Improving BDB JE Storage for Voldemort



I am writing this blogpost, mainly to share my experiences with improving the BDB storage engine for use in Voldemort and also throw light on how this relates our VaaS goal. As you drill into the details, I hope you get a clear idea of the efforts that have gone into making BDB JE work. I have tried to include pointers whenever possible.

Note : All of this is written in the context of SSDs. Hence, you will often find me ignoring IOPS completely, focusing on memory.



BDB GC Tuning on SSD 

The post on engineering blog delves to great details about GC issues we faced, when migrating to SSDs. The article mentions the pushing data off the heap, to play nicely with GC.  This is done by setting EVICT_LN cache mode for online traffic and EVICT_BIN cache mode for cursors.  However, to achieve this, we need a higher version of JE > 4.0.117.

We first evaluated BDB 5, which requires a non backwards compatible data conversion to be done on existing data. But we hit issues in the conversion script itself. Once, they were resolved, we hit memory issues and some runaway BDB cleaner issues.

This set us back to JE 4.1.17 since we were not comfortable with the stability of JE5. But we again suffered data bloat issues, due to changes related to how the RMW transaction in Voldemort put() plays with sorted duplicates. Effectively, a new DIN and DBIN (duplicate tree nodes you might recall from JE Architecture whitepaper) for every key, even if the key does not have duplicates. This again set us back.

Better Duplicate Support

Advice from JE folks was to redo the duplicate handling in Voldemort, which is what I am currently testing. After this, we should be able to push data off the JVM heap using the BDB cache for indexes only.

Not caching data might seem counterintuitive at first. But for VaaS to be a reality, we need an efficient way to house multiple stores with different data sizes on the same server without being choked by fragmentation. Applying the two flags greatly reduces promotion into old gen.

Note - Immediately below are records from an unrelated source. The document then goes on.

Theorem mainTheorem3
  (G : Type) (gdom gcod : G -> nat) (R : eqns G) (d : nat)
  (I : G -> seq 'I_d -> seq 'I_d -> CC)
  (s : term G) (m l r : nat) (zeta : CC)
  (* the interpretation [[-]]_src = sem gdom gcod I is well defined on P/R *)
  (Hsound : forall n n' t1 t2, R n n' t1 t2 ->
      sem_eq n n' (sem gdom gcod I t1) (sem gdom gcod I t2))
  (* ... and faithful *)
  (Hfaith : forall n n' t1 t2,
      hasType gdom gcod t1 n n' -> hasType gdom gcod t2 n n' ->
      sem_eq n n' (sem gdom gcod I t1) (sem gdom gcod I t2) ->
      prov gdom gcod R n n' t1 t2)
  (* C^src (the image) is endomorphism-only *)
  (Hendo : forall t n n', hasType gdom gcod t n n' -> n = n')
  (* s is a source scalar *)
  (Hs : hasType gdom gcod s 0 0)
  (* C^src(0,0) is generated by [[s]] ... *)
  (Hgen : forall t, hasType gdom gcod t 0 0 ->
      exists k, scalar_of (sem gdom gcod I t) = scalar_of (sem gdom gcod I s) ^+ k)
  (* ... and is cyclic of order m *)
  (Hord : m.-primitive_root (scalar_of (sem gdom gcod I s)))
  (* no hidden phases *)
  (Hphase : forall n (lam : CC), `|lam| = 1 ->
      (exists t, hasType gdom gcod t n n /\
                 sem_eq n n (sem gdom gcod I t) (@scal_id d lam)) ->
      exists t0, hasType gdom gcod t0 0 0 /\ scalar_of (sem gdom gcod I t0) = lam)
  (* every morphism of C^src is invertible in C^src *)
  (Hinv : forall t n n', hasType gdom gcod t n n' ->
      exists t', hasType gdom gcod t' n' n /\
        sem_eq n n (sem gdom gcod I (Tcomp t t')) (sem gdom gcod I (Tid n)) /\
        sem_eq n' n' (sem gdom gcod I (Tcomp t' t)) (sem gdom gcod I (Tid n')))
  (Hl : (0 < l)%N)
  (Hzeta : (m * l).-primitive_root zeta)
  (Hr : zeta ^+ r = scalar_of (sem gdom gcod I s)) :
  forall (n n' : nat) (C1 C2 : term G),
    prov (sdom gdom) (sdom gcod) (Rsharp R s m l r) n n'
         (tmap Some C1) (tmap Some C2) ->
    prov gdom gcod R n n' C1 C2.
Proof.
move=> n n' C1 C2 refined.
have zeta_neq0 : zeta != 0.
  apply/eqP=> zeta0; have := prim_expr_order Hzeta.
  by rewrite zeta0 expr0n eqn0Ngt (prim_order_gt0 Hzeta) => /eqP; rewrite eq_sym oner_eq0.
have [p [q [p00 q00 pC1_qC2 eq_pq]]] :=
  prov_refined_related Hs zeta_neq0 (prim_expr_order Hzeta) Hr refined.
rewrite !erase_tmap !omega_count_tmap !expr0 !mul1r in pC1_qC2 eq_pq.
have [p' [p'00 [pp' _]]] := Hinv p 0 0 p00.
apply: (prov_tens_scalar_cancel p00 q00 p'00 _ _ pC1_qC2).
  exact: Hfaith (hasType_comp p00 p'00) (hasType_id _ _ 0) pp'.
have scal_pp' : scal gdom gcod I (Tcomp p p') = scal gdom gcod I (Tid 0).
  exact/sem_eq_scalarE.
apply: Hfaith (hasType_comp q00 p'00) (hasType_id _ _ 0) _.
by apply/sem_eq_scalarE; rewrite [LHS]scal_comp // eq_pq -scal_comp.
Qed.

This is implemented and being tested.


Optimizing Scan Jobs 

Since we are redoing duplicates, we are also batching several more changes that plays well with Restore and Rebalance jobs. The approach we are taking is to prefix each key with a two byte partition id that could enable efficient range scans to be used for fetching specific partitions from a given server. (Power of the Btree!). This is coded up, perf tested and under review here

Donor based rebalancing in 0.96 already speeds up cluster expansion dramatically. With incorporation of this change into the rebalancing algorithm we expect further gains in this area.


The conversion scripts will be checked into master once we verified everything. The script is blazingly fast and does bulk loading into BDB.

JE Forums thread on large scans here.

 Non Intrusive DatacleanupJob

As noted in the GC blog, the DataCleanupJob perhaps deserves to be treated as a first class citizen. With the partition scan taking care of all other scan jobs, datacleanup remains the only scan where we loop across the entire dataset. We are looking into exploring ways to support the datacleanup using much efficient ways including BDB Secondary indexes. Obviously we need to trade off additional latency to maintain a secondary index vs how much trouble the cleanup actually causes with EVICT_BIN applied to the scan cursor (which seems to solve the problem in most cases)

It is worth mentioning that we did evaluate BDB5 DiskorderedScans as a viable alternative to implement the DataCleanupJob, since it provides a separate buffer for the scan without messing with the BDB cache. However, I hit two fundamental bugs- first was fixed and the second one is shelved. Hence, again BDB5 does not seem to be ready. Its too bad since perf tests show ~2x improvements in throughput and good reduction in 99th latency.

We are hoping the JE team will get around to fixing these issues and we can add DiskOrderedScan support for scan jobs.

Cache Partitioning & Capacity Model

As you might have noted, the points mentioned above tend to improve stability and predictability in the storage layer, which is absolutely necessary to move towards VaaS.


We have an lab verified capacity model that determines the amount of memory that needs to be allocated to a given store, to meet its SLA. Release 0.96 already contains the ability to reserve cache space for the stores you care most using the <memory-footprint> tag in stores.xml.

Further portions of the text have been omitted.